▶ Instructions to follow: When you reach the line containing "Lemma is_lim_seq_sub_div_pow10 x" in the data below, begin returning lines exactly as written, and stop once the line containing "intros Hy; rewrite" has been returned.

--- Records to process Enclosed Below ---

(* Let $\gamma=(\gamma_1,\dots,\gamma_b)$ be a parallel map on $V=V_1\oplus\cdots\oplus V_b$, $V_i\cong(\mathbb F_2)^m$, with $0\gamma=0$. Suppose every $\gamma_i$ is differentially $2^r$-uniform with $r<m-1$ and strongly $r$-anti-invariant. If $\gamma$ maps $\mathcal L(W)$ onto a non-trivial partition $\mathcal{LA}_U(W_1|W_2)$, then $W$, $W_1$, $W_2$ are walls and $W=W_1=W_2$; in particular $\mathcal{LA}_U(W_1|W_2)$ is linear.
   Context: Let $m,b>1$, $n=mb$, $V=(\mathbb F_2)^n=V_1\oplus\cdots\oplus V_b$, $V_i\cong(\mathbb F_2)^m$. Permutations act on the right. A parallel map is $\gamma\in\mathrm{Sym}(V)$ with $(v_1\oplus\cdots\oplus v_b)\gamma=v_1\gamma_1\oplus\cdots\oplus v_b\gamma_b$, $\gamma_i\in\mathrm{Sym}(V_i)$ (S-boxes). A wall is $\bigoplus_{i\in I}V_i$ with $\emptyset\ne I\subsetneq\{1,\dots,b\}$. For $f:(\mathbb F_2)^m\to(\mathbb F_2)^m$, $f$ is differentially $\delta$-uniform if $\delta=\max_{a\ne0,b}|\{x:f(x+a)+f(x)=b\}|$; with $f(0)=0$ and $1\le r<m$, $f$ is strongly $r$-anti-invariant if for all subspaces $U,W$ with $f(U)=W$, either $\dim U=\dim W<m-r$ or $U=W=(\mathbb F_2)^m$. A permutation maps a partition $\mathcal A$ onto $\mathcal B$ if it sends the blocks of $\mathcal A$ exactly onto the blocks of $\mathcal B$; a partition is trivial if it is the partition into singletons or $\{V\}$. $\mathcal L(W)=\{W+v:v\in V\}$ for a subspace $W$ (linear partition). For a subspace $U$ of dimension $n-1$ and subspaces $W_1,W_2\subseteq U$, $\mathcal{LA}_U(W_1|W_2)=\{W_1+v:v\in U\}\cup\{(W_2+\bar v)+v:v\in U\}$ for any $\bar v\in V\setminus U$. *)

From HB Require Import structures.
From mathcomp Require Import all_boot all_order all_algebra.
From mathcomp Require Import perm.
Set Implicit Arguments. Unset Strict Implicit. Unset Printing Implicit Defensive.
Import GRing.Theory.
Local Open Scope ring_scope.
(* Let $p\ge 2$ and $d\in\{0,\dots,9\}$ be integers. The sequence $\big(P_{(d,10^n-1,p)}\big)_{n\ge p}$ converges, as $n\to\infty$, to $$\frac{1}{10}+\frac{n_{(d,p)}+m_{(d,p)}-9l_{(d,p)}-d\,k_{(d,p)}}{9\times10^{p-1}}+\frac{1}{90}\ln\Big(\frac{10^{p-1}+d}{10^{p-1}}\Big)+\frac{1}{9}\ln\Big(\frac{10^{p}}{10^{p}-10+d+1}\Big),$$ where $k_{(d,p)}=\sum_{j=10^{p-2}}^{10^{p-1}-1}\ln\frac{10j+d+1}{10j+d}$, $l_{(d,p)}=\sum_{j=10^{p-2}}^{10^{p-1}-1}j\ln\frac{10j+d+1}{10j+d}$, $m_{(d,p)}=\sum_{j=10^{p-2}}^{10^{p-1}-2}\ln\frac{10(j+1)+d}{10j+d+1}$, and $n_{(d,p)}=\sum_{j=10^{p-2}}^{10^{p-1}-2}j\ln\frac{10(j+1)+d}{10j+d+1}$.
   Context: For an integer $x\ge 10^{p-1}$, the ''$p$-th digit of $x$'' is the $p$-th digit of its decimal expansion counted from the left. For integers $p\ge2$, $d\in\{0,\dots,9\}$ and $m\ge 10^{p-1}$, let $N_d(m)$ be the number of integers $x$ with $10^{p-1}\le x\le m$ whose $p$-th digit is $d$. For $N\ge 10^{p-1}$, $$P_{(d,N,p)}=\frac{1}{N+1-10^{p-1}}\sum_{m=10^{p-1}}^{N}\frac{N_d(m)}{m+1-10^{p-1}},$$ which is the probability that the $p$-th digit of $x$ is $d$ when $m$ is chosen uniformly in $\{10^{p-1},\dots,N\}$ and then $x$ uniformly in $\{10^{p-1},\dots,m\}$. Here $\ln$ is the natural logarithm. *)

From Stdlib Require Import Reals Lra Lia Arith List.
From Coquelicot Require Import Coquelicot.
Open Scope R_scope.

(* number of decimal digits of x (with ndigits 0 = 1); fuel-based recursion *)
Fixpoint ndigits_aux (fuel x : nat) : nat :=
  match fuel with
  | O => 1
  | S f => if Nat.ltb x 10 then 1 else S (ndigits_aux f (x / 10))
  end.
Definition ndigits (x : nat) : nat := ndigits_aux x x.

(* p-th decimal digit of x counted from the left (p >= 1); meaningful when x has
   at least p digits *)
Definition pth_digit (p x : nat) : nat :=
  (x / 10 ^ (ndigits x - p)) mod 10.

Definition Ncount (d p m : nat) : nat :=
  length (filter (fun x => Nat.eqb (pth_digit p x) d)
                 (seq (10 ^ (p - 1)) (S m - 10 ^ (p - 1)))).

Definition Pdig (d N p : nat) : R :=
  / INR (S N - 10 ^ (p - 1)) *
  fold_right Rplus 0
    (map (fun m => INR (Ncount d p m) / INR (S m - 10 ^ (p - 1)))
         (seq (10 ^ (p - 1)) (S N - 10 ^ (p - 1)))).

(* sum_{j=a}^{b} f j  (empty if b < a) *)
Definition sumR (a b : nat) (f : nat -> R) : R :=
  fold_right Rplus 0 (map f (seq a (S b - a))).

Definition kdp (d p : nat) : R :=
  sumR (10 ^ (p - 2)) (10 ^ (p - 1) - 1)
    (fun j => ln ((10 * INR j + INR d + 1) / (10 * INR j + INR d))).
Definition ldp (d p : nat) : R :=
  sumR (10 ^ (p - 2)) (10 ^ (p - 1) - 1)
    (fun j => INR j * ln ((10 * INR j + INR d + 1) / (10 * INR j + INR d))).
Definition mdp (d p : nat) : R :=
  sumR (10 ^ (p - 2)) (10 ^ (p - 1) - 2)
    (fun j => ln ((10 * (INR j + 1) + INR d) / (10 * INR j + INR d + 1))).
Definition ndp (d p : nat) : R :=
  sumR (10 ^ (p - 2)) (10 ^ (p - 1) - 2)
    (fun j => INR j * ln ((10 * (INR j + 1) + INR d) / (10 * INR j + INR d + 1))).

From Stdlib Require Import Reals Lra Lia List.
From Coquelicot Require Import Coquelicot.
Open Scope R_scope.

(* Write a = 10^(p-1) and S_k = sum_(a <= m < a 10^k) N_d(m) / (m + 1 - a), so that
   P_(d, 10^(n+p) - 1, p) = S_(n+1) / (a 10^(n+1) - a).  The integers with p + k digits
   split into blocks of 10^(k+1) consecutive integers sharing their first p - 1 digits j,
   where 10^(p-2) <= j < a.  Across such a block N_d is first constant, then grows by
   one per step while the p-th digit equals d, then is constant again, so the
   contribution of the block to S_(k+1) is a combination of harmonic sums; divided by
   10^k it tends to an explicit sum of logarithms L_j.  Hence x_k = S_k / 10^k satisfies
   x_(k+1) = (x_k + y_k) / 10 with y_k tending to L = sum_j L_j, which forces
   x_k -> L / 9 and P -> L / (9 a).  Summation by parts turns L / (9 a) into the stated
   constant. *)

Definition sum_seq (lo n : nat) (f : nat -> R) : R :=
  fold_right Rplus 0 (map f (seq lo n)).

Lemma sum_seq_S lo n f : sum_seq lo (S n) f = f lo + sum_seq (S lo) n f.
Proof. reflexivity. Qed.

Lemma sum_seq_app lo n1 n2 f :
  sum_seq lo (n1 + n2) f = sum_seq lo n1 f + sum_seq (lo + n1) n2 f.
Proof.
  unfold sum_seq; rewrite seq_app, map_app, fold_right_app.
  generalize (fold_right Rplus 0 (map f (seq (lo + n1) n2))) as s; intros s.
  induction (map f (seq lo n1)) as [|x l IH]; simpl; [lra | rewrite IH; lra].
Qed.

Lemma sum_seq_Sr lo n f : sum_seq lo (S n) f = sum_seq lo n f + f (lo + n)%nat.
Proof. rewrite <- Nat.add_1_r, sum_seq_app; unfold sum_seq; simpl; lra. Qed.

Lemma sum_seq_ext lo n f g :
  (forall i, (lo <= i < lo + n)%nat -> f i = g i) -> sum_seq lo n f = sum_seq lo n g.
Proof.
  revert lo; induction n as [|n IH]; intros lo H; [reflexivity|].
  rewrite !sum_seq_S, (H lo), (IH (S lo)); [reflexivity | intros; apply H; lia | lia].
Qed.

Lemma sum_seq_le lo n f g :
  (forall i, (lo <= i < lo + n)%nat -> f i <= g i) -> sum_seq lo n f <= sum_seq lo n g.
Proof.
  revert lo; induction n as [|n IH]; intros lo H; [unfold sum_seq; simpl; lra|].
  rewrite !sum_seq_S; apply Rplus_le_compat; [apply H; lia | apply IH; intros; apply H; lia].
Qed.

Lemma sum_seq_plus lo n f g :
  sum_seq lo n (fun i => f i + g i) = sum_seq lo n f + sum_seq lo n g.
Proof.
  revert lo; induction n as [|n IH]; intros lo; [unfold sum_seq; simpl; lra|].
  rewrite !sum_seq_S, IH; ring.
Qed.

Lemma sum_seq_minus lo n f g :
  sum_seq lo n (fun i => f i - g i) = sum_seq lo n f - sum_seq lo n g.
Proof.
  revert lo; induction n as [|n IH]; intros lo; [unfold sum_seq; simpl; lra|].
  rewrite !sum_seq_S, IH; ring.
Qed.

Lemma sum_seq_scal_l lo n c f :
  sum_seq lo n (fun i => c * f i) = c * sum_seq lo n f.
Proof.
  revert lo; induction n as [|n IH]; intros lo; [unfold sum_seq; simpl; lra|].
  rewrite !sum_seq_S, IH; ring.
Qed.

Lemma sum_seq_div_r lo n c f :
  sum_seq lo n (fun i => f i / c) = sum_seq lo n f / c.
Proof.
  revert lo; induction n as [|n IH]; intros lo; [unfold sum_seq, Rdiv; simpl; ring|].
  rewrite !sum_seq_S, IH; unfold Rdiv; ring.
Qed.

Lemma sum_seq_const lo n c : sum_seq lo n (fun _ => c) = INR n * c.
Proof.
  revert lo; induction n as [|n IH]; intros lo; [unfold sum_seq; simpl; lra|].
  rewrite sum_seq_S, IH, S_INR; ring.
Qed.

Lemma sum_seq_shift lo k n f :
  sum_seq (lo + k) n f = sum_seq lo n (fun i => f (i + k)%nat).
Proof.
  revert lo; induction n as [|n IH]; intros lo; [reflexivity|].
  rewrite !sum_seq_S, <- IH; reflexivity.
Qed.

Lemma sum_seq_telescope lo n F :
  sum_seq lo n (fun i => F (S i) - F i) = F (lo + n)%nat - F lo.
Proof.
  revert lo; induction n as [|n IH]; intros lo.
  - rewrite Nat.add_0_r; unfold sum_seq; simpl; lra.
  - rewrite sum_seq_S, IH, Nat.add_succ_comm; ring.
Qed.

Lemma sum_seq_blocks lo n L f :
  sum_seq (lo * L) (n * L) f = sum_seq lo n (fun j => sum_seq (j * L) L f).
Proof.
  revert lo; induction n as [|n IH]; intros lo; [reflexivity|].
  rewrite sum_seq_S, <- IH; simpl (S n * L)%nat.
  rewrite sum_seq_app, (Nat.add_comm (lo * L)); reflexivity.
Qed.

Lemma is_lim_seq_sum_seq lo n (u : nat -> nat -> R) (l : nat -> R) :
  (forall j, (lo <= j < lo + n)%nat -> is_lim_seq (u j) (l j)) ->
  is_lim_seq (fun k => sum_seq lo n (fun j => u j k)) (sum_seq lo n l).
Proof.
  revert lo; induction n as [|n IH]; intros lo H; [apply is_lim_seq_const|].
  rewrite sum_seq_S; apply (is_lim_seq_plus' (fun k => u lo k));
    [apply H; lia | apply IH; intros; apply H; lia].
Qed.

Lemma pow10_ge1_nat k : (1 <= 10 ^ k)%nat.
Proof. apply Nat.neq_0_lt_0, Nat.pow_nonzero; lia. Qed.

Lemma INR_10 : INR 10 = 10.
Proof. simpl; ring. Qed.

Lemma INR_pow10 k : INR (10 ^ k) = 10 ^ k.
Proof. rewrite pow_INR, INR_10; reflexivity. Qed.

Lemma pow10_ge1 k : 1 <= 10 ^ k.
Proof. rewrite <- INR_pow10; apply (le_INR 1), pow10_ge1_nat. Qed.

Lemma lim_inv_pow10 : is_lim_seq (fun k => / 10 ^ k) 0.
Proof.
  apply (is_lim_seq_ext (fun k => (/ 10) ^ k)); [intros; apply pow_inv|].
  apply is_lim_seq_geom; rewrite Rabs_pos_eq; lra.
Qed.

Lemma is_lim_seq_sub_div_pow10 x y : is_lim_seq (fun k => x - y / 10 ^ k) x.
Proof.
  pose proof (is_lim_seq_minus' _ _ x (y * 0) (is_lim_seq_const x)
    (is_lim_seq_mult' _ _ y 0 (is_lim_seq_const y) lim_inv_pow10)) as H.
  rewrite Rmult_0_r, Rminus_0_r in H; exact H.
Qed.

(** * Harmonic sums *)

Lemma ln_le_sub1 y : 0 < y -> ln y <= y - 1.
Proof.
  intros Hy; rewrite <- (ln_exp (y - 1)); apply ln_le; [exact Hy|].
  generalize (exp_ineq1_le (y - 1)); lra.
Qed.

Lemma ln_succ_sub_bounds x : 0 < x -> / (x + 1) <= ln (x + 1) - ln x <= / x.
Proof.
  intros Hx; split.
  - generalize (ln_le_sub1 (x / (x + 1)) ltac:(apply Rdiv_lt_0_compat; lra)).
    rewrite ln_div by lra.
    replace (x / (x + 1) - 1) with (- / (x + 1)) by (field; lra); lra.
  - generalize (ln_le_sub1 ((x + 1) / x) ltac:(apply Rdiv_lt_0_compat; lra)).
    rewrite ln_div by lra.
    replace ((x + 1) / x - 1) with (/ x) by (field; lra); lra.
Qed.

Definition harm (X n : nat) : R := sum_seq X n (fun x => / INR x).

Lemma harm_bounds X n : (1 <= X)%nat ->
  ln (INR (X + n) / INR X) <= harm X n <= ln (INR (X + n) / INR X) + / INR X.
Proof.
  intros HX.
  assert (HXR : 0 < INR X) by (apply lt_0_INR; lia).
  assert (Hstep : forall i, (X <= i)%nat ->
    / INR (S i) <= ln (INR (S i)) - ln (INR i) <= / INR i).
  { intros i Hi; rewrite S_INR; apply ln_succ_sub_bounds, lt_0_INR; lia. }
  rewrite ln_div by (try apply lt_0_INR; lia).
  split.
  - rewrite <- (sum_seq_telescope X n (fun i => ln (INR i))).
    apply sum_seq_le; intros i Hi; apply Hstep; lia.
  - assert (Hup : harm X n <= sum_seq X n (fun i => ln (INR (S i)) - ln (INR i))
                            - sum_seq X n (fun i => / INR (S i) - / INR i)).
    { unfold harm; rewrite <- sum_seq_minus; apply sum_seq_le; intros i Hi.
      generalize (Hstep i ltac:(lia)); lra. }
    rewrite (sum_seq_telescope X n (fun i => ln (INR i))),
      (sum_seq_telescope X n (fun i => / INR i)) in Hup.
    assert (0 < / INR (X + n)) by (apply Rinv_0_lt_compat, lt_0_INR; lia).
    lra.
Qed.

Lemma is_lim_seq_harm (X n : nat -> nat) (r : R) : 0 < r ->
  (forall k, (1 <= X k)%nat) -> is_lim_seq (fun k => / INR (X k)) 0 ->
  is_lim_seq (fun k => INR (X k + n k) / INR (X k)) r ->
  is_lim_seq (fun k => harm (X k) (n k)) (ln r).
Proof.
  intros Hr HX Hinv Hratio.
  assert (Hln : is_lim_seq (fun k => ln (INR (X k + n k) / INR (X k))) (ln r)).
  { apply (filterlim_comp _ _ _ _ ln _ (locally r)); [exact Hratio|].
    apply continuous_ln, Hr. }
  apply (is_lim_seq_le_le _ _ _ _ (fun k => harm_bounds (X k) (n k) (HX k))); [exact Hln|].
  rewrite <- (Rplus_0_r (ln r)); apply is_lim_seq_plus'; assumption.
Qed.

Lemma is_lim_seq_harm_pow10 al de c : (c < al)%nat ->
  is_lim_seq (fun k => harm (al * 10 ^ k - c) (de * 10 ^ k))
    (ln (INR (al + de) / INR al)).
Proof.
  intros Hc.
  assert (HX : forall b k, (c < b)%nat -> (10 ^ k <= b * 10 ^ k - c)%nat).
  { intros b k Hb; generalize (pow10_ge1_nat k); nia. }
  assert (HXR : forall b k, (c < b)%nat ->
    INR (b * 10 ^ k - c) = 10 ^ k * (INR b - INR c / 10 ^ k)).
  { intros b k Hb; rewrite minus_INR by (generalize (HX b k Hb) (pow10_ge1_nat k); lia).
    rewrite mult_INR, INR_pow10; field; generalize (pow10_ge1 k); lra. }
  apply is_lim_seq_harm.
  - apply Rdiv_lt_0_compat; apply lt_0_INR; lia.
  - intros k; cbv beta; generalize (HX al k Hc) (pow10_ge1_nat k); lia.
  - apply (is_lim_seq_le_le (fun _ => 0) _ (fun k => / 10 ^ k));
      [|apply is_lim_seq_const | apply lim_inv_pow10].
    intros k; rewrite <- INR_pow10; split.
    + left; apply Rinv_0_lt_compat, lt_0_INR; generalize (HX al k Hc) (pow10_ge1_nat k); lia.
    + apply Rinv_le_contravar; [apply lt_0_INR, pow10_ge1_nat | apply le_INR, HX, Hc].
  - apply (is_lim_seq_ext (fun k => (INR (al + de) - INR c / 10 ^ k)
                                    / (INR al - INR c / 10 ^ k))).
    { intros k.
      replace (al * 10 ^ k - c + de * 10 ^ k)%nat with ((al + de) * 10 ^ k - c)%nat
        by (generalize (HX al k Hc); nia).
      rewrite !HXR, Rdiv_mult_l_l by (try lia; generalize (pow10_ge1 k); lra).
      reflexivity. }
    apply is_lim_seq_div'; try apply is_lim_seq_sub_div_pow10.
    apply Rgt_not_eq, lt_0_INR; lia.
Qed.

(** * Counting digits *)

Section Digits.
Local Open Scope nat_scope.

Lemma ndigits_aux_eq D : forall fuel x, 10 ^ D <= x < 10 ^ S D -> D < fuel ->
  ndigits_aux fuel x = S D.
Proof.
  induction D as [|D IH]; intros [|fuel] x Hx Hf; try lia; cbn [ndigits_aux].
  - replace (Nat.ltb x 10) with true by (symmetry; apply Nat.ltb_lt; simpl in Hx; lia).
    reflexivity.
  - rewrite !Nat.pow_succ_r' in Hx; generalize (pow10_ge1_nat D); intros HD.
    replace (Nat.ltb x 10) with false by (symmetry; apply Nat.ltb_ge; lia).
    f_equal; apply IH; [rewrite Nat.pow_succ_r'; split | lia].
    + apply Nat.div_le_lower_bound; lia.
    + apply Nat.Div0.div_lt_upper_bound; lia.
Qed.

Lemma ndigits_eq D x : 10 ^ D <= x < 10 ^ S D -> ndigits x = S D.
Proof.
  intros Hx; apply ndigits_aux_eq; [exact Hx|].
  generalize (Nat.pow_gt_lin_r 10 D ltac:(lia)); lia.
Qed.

--- End of Enclosed Records to process ---

▶ Answer section:
Lemma is_lim_seq_sub_div_pow10 x y : is_lim_seq (fun k => x - y / 10 ^ k) x.
Proof.
  pose proof (is_lim_seq_minus' _ _ x (y * 0) (is_lim_seq_const x)
    (is_lim_seq_mult' _ _ y 0 (is_lim_seq_const y) lim_inv_pow10)) as H.
  rewrite Rmult_0_r, Rminus_0_r in H; exact H.
Qed.

(** * Harmonic sums *)

Lemma ln_le_sub1 y : 0 < y -> ln y <= y - 1.
Proof.
  intros Hy; rewrite <- (ln_exp (y - 1)); apply ln_le; [exact Hy|].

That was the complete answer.